- WHAT THIS TASK INVOLVES
Search the material below for the word "andP". Copy every line where it is found.

- EXTRACTED MATERIAL
(* Let $\mathcal{F}=\{f_i\}_{i=1}^N$ be a frame for $\mathbb{R}^n$. Then $d(\mathcal{F})$ is the largest integer $k$ such that there exists a $k$-dimensional maximal $\mathcal{F}$-PR subspace.
   Context: A frame for $\mathbb{R}^n$ is a finite spanning sequence. For $\Lambda\subseteq\{1,\dots,N\}$ let $\mathcal{F}_\Lambda=\{f_i\}_{i\in\Lambda}$, $\Lambda^c$ its complement, and $d_\Lambda=\max\{\dim\mathrm{span}(\mathcal{F}_\Lambda),\dim\mathrm{span}(\mathcal{F}_{\Lambda^c})\}$; define $d(\mathcal{F})=\min\{d_\Lambda:\Lambda\subseteq\{1,\dots,N\}\}$. A finite sequence $\{g_i\}$ in a subspace $M$ is a phase-retrievable frame for $M$ if it spans $M$ and $|\langle x,g_i\rangle|=|\langle y,g_i\rangle|$ for all $i$ with $x,y\in M$ implies $x=\pm y$. A subspace $M$ is an $\mathcal{F}$-PR subspace if $\{P_Mf_i\}_{i=1}^N$ is a phase-retrievable frame for $M$, where $P_M$ is the orthogonal projection onto $M$; it is maximal if it is not a proper subspace of another $\mathcal{F}$-PR subspace. *)

(* Vectors of R^n are row vectors 'rV[R]_n; a subspace M of
   R^n is represented by a square matrix 'M[R]_n through its row space. *)
From HB Require Import structures.
From mathcomp Require Import all_boot all_order all_algebra.
From mathcomp Require Import reals.
Set Implicit Arguments. Unset Strict Implicit. Unset Printing Implicit Defensive.
Import Order.TTheory GRing.Theory Num.Theory.
Local Open Scope ring_scope.

Section Defs.
Variables (R : realType) (n N : nat).

Definition dotv (u v : 'rV[R]_n) : R := (u *m v^T) 0 0.

Definition fspan (f : 'I_N -> 'rV[R]_n) (L : {set 'I_N}) : 'M[R]_n :=
  (\sum_(i in L) <<f i>>)%MS.

Definition is_frame (f : 'I_N -> 'rV[R]_n) : Prop :=
  \rank (fspan f setT) = n.

(* d_Lambda and d(F) = min over all Lambda of d_Lambda
   (every d_Lambda is <= n, so the default n of the iterated min is harmless) *)
Definition dLam (f : 'I_N -> 'rV[R]_n) (L : {set 'I_N}) : nat :=
  maxn (\rank (fspan f L)) (\rank (fspan f (~: L))).

Definition dF (f : 'I_N -> 'rV[R]_n) : nat :=
  \big[minn/n]_(L : {set 'I_N}) dLam f L.

(* orthogonal projection onto (the row space of) M: projection onto M
   along its orthogonal complement M^perp = kermx M^T *)
Definition oproj (M : 'M[R]_n) (v : 'rV[R]_n) : 'rV[R]_n :=
  v *m proj_mx <<M>>%MS (kermx M^T).

Definition PR_frame_for (M : 'M[R]_n) (g : 'I_N -> 'rV[R]_n) : Prop :=
  (fspan g setT == M)%MS /\
  forall x y : 'rV[R]_n, (x <= M)%MS -> (y <= M)%MS ->
    (forall i, `|dotv x (g i)| = `|dotv y (g i)|) -> x = y \/ x = - y.

Definition is_FPR (f : 'I_N -> 'rV[R]_n) (M : 'M[R]_n) : Prop :=
  PR_frame_for M (fun i => oproj M (f i)).

Definition maximal_FPR (f : 'I_N -> 'rV[R]_n) (M : 'M[R]_n) : Prop :=
  is_FPR f M /\ forall M' : 'M[R]_n, is_FPR f M' -> ~~ (M < M')%MS.

End Defs.

(* If dim M exceeded d_L for an F-PR subspace M, then M would contain nonzero
   u orthogonal to f_L and v orthogonal to f_(~:L); the vectors u + v and u - v
   have the same phaseless measurements |<_, P_M f_i>| without being equal up
   to sign.  So every F-PR subspace has dimension at most d = d(F).
   Conversely, for each L one of span f_L, span f_(~:L) has dimension >= d, so
   its orthogonal complement K_L has dimension <= n - d.  Points of the moment
   curve t |-> (t^j)_j avoid any finite family of proper subspaces, which yields
   a d-dimensional W meeting every K_L trivially.  Such a W is F-PR: if
   |<x, f_i>| = |<y, f_i>| for x, y in W, take L = [i | <x, f_i> = <y, f_i>];
   then x - y is orthogonal to f_L and x + y to f_(~:L), so one of them lies in
   W :&: K_L = 0.  Having the largest possible dimension, W is maximal. *)

From HB Require Import structures.
From mathcomp Require Import all_boot all_order all_algebra.
From mathcomp Require Import reals.
From mathcomp Require Import zify.
Import Order.TTheory GRing.Theory Num.Theory.
Local Open Scope ring_scope.
Set Implicit Arguments. Unset Strict Implicit. Unset Printing Implicit Defensive.

Lemma eqNv (R : numFieldType) (V : lmodType R) (v : V) : (- v == v) = (v == 0).
Proof.
apply/eqP/eqP => [Nv | ->]; last exact: oppr0.
have : 2%:R *: v = 0 by rewrite scaler_nat mulr2n -{1}Nv addNr.
by move/eqP; rewrite scaler_eq0 pnatr_eq0 => /eqP.
Qed.

Lemma eq_addv_subv (R : numFieldType) (V : lmodType R) (u v : V) :
  (u + v == u - v) = (v == 0).
Proof. by rewrite (inj_eq (addrI u)) eq_sym eqNv. Qed.

Lemma exists_nonroot (R : numDomainType) (p : {poly R}) : p != 0 -> exists t, ~~ root p t.
Proof.
move=> p0; pose rs := [seq i%:R : R | i <- iota 0 (size p)].
have [rsP | /allPn [t _ ?]] := boolP (all (root p) rs); last by exists t.
have rs_uniq : uniq rs.
  by rewrite map_inj_uniq ?iota_uniq // => i j /eqP; rewrite eqr_nat => /eqP.
by have := max_poly_roots p0 rsP rs_uniq; rewrite size_map size_iota ltnn.
Qed.

Section GeneralPosition.
Variables (R : numFieldType) (n : nat).

Definition moment (t : R) : 'rV[R]_n := \row_(j < n) t ^+ j.

Lemma horner_rVpoly (a : 'rV[R]_n) t : (rVpoly a).[t] = (moment t *m a^T) 0 0.
Proof.
rewrite (horner_coef_wide _ (size_poly _ _)) mxE.
by apply: eq_bigr => j _; rewrite coef_rVpoly_ord !mxE mulrC.
Qed.

Lemma rVpoly_eq0 (a : 'rV[R]_n) : (rVpoly a == 0) = (a == 0).
Proof.
apply/eqP/eqP => [a0 | ->]; last exact: linear0.
by rewrite -[a]rVpolyK a0 linear0.
Qed.

Lemma moment_notin_subspaces (s : seq 'M[R]_n) :
  {in s, forall U, \rank U < n}%N ->
  exists2 p : {poly R}, p != 0 &
    forall t, ~~ root p t -> {in s, forall U, ~~ (moment t <= U)%MS}.
Proof.
elim: s => [|U s IHs] s_proper; first by exists 1 => [|t _ U]; rewrite ?oner_eq0.
have [|p p0 pP] := IHs; first by move=> V sV; apply: s_proper; rewrite inE sV orbT.
have : kermx U^T != 0.
  by rewrite -mxrank_eq0 mxrank_ker mxrank_tr subn_eq0 -ltnNge s_proper ?mem_head.
case/rowV0Pn => a /sub_kermxP aU a0; exists (rVpoly a * p) => [|t].
  by rewrite mulf_neq0 ?rVpoly_eq0.
rewrite rootM negb_or => /andP [at0 pt0] V; rewrite inE => /predU1P [-> | ]; last exact: pP.
apply: contra at0 => /submxP [D tU]; rewrite /root horner_rVpoly tU -mulmxA.
by rewrite -[U *m a^T]trmxK trmx_mul trmxK aU trmx0 mulmx0 mxE.
Qed.

Lemma exists_notin_subspaces (s : seq 'M[R]_n) :
  {in s, forall U, \rank U < n}%N ->
  exists v : 'rV[R]_n, {in s, forall U, ~~ (v <= U)%MS}.
Proof.
move=> /moment_notin_subspaces [p /exists_nonroot [t pt] pP].
by exists (moment t); apply: pP.
Qed.

Lemma mxrank_adds_notin m (A : 'M[R]_(m, n)) (v : 'rV[R]_n) :
  ~~ (v <= A)%MS -> \rank (A + v)%MS = (\rank A).+1.
Proof.
move=> vA; have v0 : v != 0 by apply: contraNneq vA => ->; rewrite sub0mx.
apply/eqP; rewrite eqn_leq; apply/andP; split.
  by case: (mxrank_adds_leqif A v); rewrite rank_rV v0 addn1.
have : (A < A + v)%MS by rewrite ltmxE addsmxSl addsmx_sub negb_and vA orbT.
by rewrite ltmxErank => /andP [].
Qed.

Lemma general_position (s : seq 'M[R]_n) d :
  (d <= n)%N -> {in s, forall U, \rank U <= n - d}%N ->
  exists2 W : 'M[R]_n, \rank W = d & {in s, forall U, (W :&: U = 0)%MS}.
Proof.
move=> dn s_small.
suff [W] : exists2 W : 'M[R]_n, \rank W = d & {in s, forall U, mxdirect (W + U)}.
  by move=> rW Wd; exists W => // U /Wd /mxdirect_addsP.
elim: d dn s_small => [|k IHk] kn s_small.
  by exists 0 => [|U _]; rewrite ?mxrank0 // mxdirectE /= mxrank0 add0n adds0mx.
have [|W rW Wd] := IHk (ltnW kn); first by move=> U /s_small; lia.
have rWU U : U \in s -> \rank (W + U)%MS = (k + \rank U)%N.
  by move=> /Wd; rewrite mxdirectE /= rW => /eqP.
have [|v vP] := exists_notin_subspaces (s := W :: [seq (W + U)%MS | U <- s]).
  move=> X; rewrite inE => /predU1P [-> | /mapP [U sU ->]]; first by rewrite rW.
  by rewrite rWU //; have := s_small U sU; lia.
have vW : ~~ (v <= W)%MS by apply: vP; rewrite mem_head.
exists (W + v)%MS => [|U sU]; first by rewrite mxrank_adds_notin // rW.
have vWU : ~~ (v <= W + U)%MS by apply: vP; rewrite inE map_f ?orbT.
rewrite mxdirectE /= mxrank_adds_notin // rW -addsmxA (addsmxC v) addsmxA.
by rewrite mxrank_adds_notin // rWU.
Qed.

End GeneralPosition.

Section Orthogonality.
Variables (R : realType) (n : nat).
Implicit Types u v x y : 'rV[R]_n.

Definition orthmx m (A : 'M[R]_(m, n)) : 'M[R]_n := kermx A^T.

Lemma dotvC u v : dotv u v = dotv v u.
Proof. by rewrite /dotv -[u *m v^T]trmxK trmx_mul trmxK mxE. Qed.

Lemma dotvDl x y v : dotv (x + y) v = dotv x v + dotv y v.
Proof. by rewrite /dotv mulmxDl mxE. Qed.

Lemma dotvBl x y v : dotv (x - y) v = dotv x v - dotv y v.
Proof. by rewrite /dotv mulmxBl !mxE. Qed.

Lemma dotvv_eq0 u : dotv u u = 0 -> u = 0.
Proof.
rewrite /dotv mxE; under eq_bigr do rewrite mxE -expr2.
move=> /psumr_eq0P u0; apply/rowP => j; rewrite mxE; apply/eqP.
by rewrite -sqrf_eq0 u0 // => i _; apply: sqr_ge0.
Qed.

Lemma dotv_orthmx m (A : 'M[R]_(m, n)) u v :
  (u <= orthmx A)%MS -> (v <= A)%MS -> dotv u v = 0.
Proof.
by move=> /sub_kermxP uA /submxP [D ->]; rewrite /dotv trmx_mul mulmxA uA mul0mx mxE.
Qed.

Lemma sub_orthmx_eq0 m (A : 'M[R]_(m, n)) u :
  (u <= A)%MS -> (u <= orthmx A)%MS -> u = 0.
Proof. by move=> uA uA'; apply: dotvv_eq0; apply: dotv_orthmx uA' uA. Qed.

Lemma mxrank_orthmx m (A : 'M[R]_(m, n)) : \rank (orthmx A) = (n - \rank A)%N.
Proof. by rewrite mxrank_ker mxrank_tr. Qed.

Lemma capmx_orthmx_neq0 m1 m2 (A : 'M[R]_(m1, n)) (M : 'M[R]_(m2, n)) :
  (\rank A < \rank M)%N -> (M :&: orthmx A)%MS != 0.
Proof.
move=> AM; rewrite -mxrank_eq0; have := mxrank_sum_cap M (orthmx A).
rewrite mxrank_orthmx; have := rank_leq_col (M + orthmx A)%MS; have := rank_leq_col A.
lia.
Qed.

Lemma addsmx_orthmx_full (M : 'M[R]_n) : row_full (<<M>> + orthmx M)%MS.
Proof.
have cap0 : (<<M>> :&: orthmx M)%MS = 0.
  apply/eqP/rowV0P => u; rewrite sub_capmx genmxE => /andP [uM].
  exact: sub_orthmx_eq0.
by rewrite /row_full mxrank_disjoint_sum // mxrank_orthmx genmxE subnKC ?rank_leq_col.
Qed.

Lemma oproj_sub (M : 'M[R]_n) v : (oproj M v <= M)%MS.
Proof. by apply: submx_trans (proj_mx_sub _ _ _) _; rewrite genmxE. Qed.

Lemma dotv_oproj (M : 'M[R]_n) x v : (x <= M)%MS -> dotv x (oproj M v) = dotv x v.
Proof.
move=> xM; have := proj_mx_compl_sub (submx_full v (addsmx_orthmx_full M)).
move=> /dotv_orthmx /(_ xM) /eqP; rewrite dotvBl subr_eq0 => /eqP vx.
by rewrite dotvC -vx dotvC.
Qed.

End Orthogonality.

Section PhaseRetrievableSubspaces.
Variables (R : realType) (n N : nat) (f : 'I_N -> 'rV[R]_n).
Implicit Types (L : {set 'I_N}) (M W : 'M[R]_n).

Lemma sub_orthmx_fspanP L (z : 'rV[R]_n) :
  reflect (forall i, i \in L -> dotv z (f i) = 0) (z <= orthmx (fspan f L))%MS.
Proof.
apply: (iffP idP) => [zL i iL | zL].
  by apply: dotv_orthmx zL _; rewrite (sumsmx_sup i) ?genmxE.
apply/sub_kermxP; rewrite -[z]trmxK -trmx_mul; apply/eqP; rewrite trmx_eq0; apply/eqP.
apply/sub_kermxP/sumsmx_subP => i iL; rewrite genmxE; apply/sub_kermxP/rowP => j.
by rewrite (ord1 j) [RHS]mxE -/(dotv (f i) z) dotvC zL.
Qed.

Lemma dF_le_dLam L : (dF f <= dLam f L)%N.
Proof.
rewrite /dF; elim: (index_enum _) (mem_index_enum L) => // L' r IHr.
rewrite inE big_cons => /predU1P [<- | /IHr]; first exact: geq_minl.
exact/leq_trans/geq_minr.
Qed.

Lemma dF_le_n : (dF f <= n)%N.
Proof. by apply: leq_trans (dF_le_dLam setT) _; rewrite geq_max !rank_leq_col. Qed.

Lemma leq_dF k : (k <= n)%N -> (forall L, k <= dLam f L)%N -> (k <= dF f)%N.
Proof.
by move=> kn kL; apply: (big_ind (fun m => k <= m)%N) => // a b; rewrite leq_min => ->.
Qed.

Lemma mxrank_FPR_le_dLam M L : is_FPR f M -> (\rank M <= dLam f L)%N.
Proof.
case=> _ PR; rewrite leqNgt gtn_max; apply/negP => /andP [LM LcM].
have /rowV0Pn [u] := capmx_orthmx_neq0 LM; rewrite sub_capmx => /andP [uM uL] u0.
have /rowV0Pn [v] := capmx_orthmx_neq0 LcM; rewrite sub_capmx => /andP [vM vLc] v0.
have uvM : ((u + v)%R <= M)%MS by apply: addmx_sub.
have uvM' : ((u - v)%R <= M)%MS by apply: addmx_sub; rewrite ?eqmx_opp.
have [i|/eqP|/eqP] := PR _ _ uvM uvM'.
- rewrite !dotv_oproj // dotvDl dotvBl.
  have [iL | iLc] := boolP (i \in L).
    by rewrite (sub_orthmx_fspanP _ _ uL) // add0r sub0r normrN.
  by rewrite (sub_orthmx_fspanP _ _ vLc) ?addr0 ?subr0 ?inE.
- by rewrite eq_addv_subv (negPf v0).
- by rewrite opprB addrC eq_addv_subv (negPf u0).
Qed.

Lemma mxrank_FPR_le_dF M : is_FPR f M -> (\rank M <= dF f)%N.
Proof.
by move=> FPR_M; apply: leq_dF (rank_leq_col M) _ => L; apply: mxrank_FPR_le_dLam.
Qed.

(* W meets the orthogonal complement of span f_S trivially iff the projections
   P_W f_i, i in S, span W: this is the complement property of {P_W f_i}. *)
Definition complement_property W := forall L,
  (W :&: orthmx (fspan f L) = 0)%MS \/ (W :&: orthmx (fspan f (~: L)) = 0)%MS.

Lemma is_FPR_of_complement_property W : complement_property W -> is_FPR f W.
Proof.
move=> cpW.
have sep L (z1 z2 : 'rV[R]_n) : (z1 <= W)%MS -> (z2 <= W)%MS ->
    (forall i, i \in L -> dotv z1 (f i) = 0) ->
    (forall i, i \notin L -> dotv z2 (f i) = 0) ->
  z1 = 0 \/ z2 = 0.
  move=> z1W z2W z1L z2Lc; have [] := cpW L => /eqP/rowV0P cap0; [left | right];
    apply: cap0; rewrite sub_capmx ?z1W ?z2W; apply/sub_orthmx_fspanP => // i.
  by rewrite inE; apply: z2Lc.
split.
  have GW : (fspan (fun i => oproj W (f i)) setT <= W)%MS.
    by apply/sumsmx_subP => i _; rewrite genmxE oproj_sub.
  rewrite GW -(mxrank_leqif_sup GW).2 eqn_leq (mxrankS GW) /= leqNgt.
  apply/negP => /capmx_orthmx_neq0 /rowV0Pn [u]; rewrite sub_capmx => /andP [uW uG].
  have uf i : dotv u (f i) = 0.
    rewrite -(dotv_oproj _ uW); apply: dotv_orthmx uG _.
    by rewrite (sumsmx_sup i) ?genmxE.
  have [] := sep set0 u u uW uW (fun i _ => uf i) (fun i _ => uf i);
    by move=> ->; rewrite eqxx.
move=> x y xW yW xy; pose L := [set i | dotv x (f i) == dotv y (f i)].
have xyW : ((x - y)%R <= W)%MS by apply: addmx_sub; rewrite ?eqmx_opp.
have xyW' : ((x + y)%R <= W)%MS by apply: addmx_sub.
have [||/eqP|/eqP] := sep L (x - y) (x + y) xyW xyW'.
- by move=> i; rewrite inE dotvBl => /eqP ->; rewrite subrr.
- move=> i; rewrite inE dotvDl => xyi; apply/eqP; rewrite addr_eq0.
  move: (xy i); rewrite !dotv_oproj // => /eqP; rewrite eqr_norm2.
  by rewrite (negPf xyi).
- by rewrite subr_eq0 => /eqP; left.
- by rewrite addr_eq0 => /eqP; right.
Qed.

Lemma exists_FPR_mxrank_dF : exists2 W : 'M[R]_n, is_FPR f W & \rank W = dF f.
Proof.
pose side L := if (dF f <= \rank (fspan f L))%N then L else ~: L.
have side_rank L : (dF f <= \rank (fspan f (side L)))%N.
  rewrite /side; case: ifPn => // /negPf dL; have := dF_le_dLam L.
  by rewrite /dLam leq_max dL.
pose s := [seq orthmx (fspan f (side L)) | L <- enum {set 'I_N}].
have [|W rW Ws] := general_position (s := s) dF_le_n.
  by move=> _ /mapP [L _ ->]; rewrite mxrank_orthmx leq_sub2l.
exists W => //; apply: is_FPR_of_complement_property => L.
have := Ws _ (map_f (fun L => orthmx (fspan f (side L))) (mem_enum _ L)).
by rewrite /side; case: ifP => _; [left | right].
Qed.

End PhaseRetrievableSubspaces.

Unset Implicit Arguments.

Theorem theorem3p2 (R : realType) (n N : nat) (f : 'I_N -> 'rV[R]_n) :
  is_frame f ->
  (exists M : 'M[R]_n, maximal_FPR f M /\ \rank M = dF f) /\
  (forall M : 'M[R]_n, maximal_FPR f M -> (\rank M <= dF f)%N).
Proof.
(* Neither bound uses that f spans R^n. *)
move=> _; split; last by move=> M [FPR_M _]; apply: mxrank_FPR_le_dF.
have [M FPR_M rM] := exists_FPR_mxrank_dF f.
exists M; split => //; split => // M' /mxrank_FPR_le_dF; rewrite -rM => rM'.
by rewrite ltmxErank ltnNge rM' andbF.
Qed.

- RESPONSE AREA
rewrite rootM negb_or => /andP [at0 pt0] V; rewrite inE => /predU1P [-> | ]; last exact: pP.
apply/eqP; rewrite eqn_leq; apply/andP; split.
by rewrite ltmxErank => /andP [].
  apply/eqP/rowV0P => u; rewrite sub_capmx genmxE => /andP [uM].
case=> _ PR; rewrite leqNgt gtn_max; apply/negP => /andP [LM LcM].
have /rowV0Pn [u] := capmx_orthmx_neq0 LM; rewrite sub_capmx => /andP [uM uL] u0.
have /rowV0Pn [v] := capmx_orthmx_neq0 LcM; rewrite sub_capmx => /andP [vM vLc] v0.
  apply/negP => /capmx_orthmx_neq0 /rowV0Pn [u]; rewrite sub_capmx => /andP [uW uG].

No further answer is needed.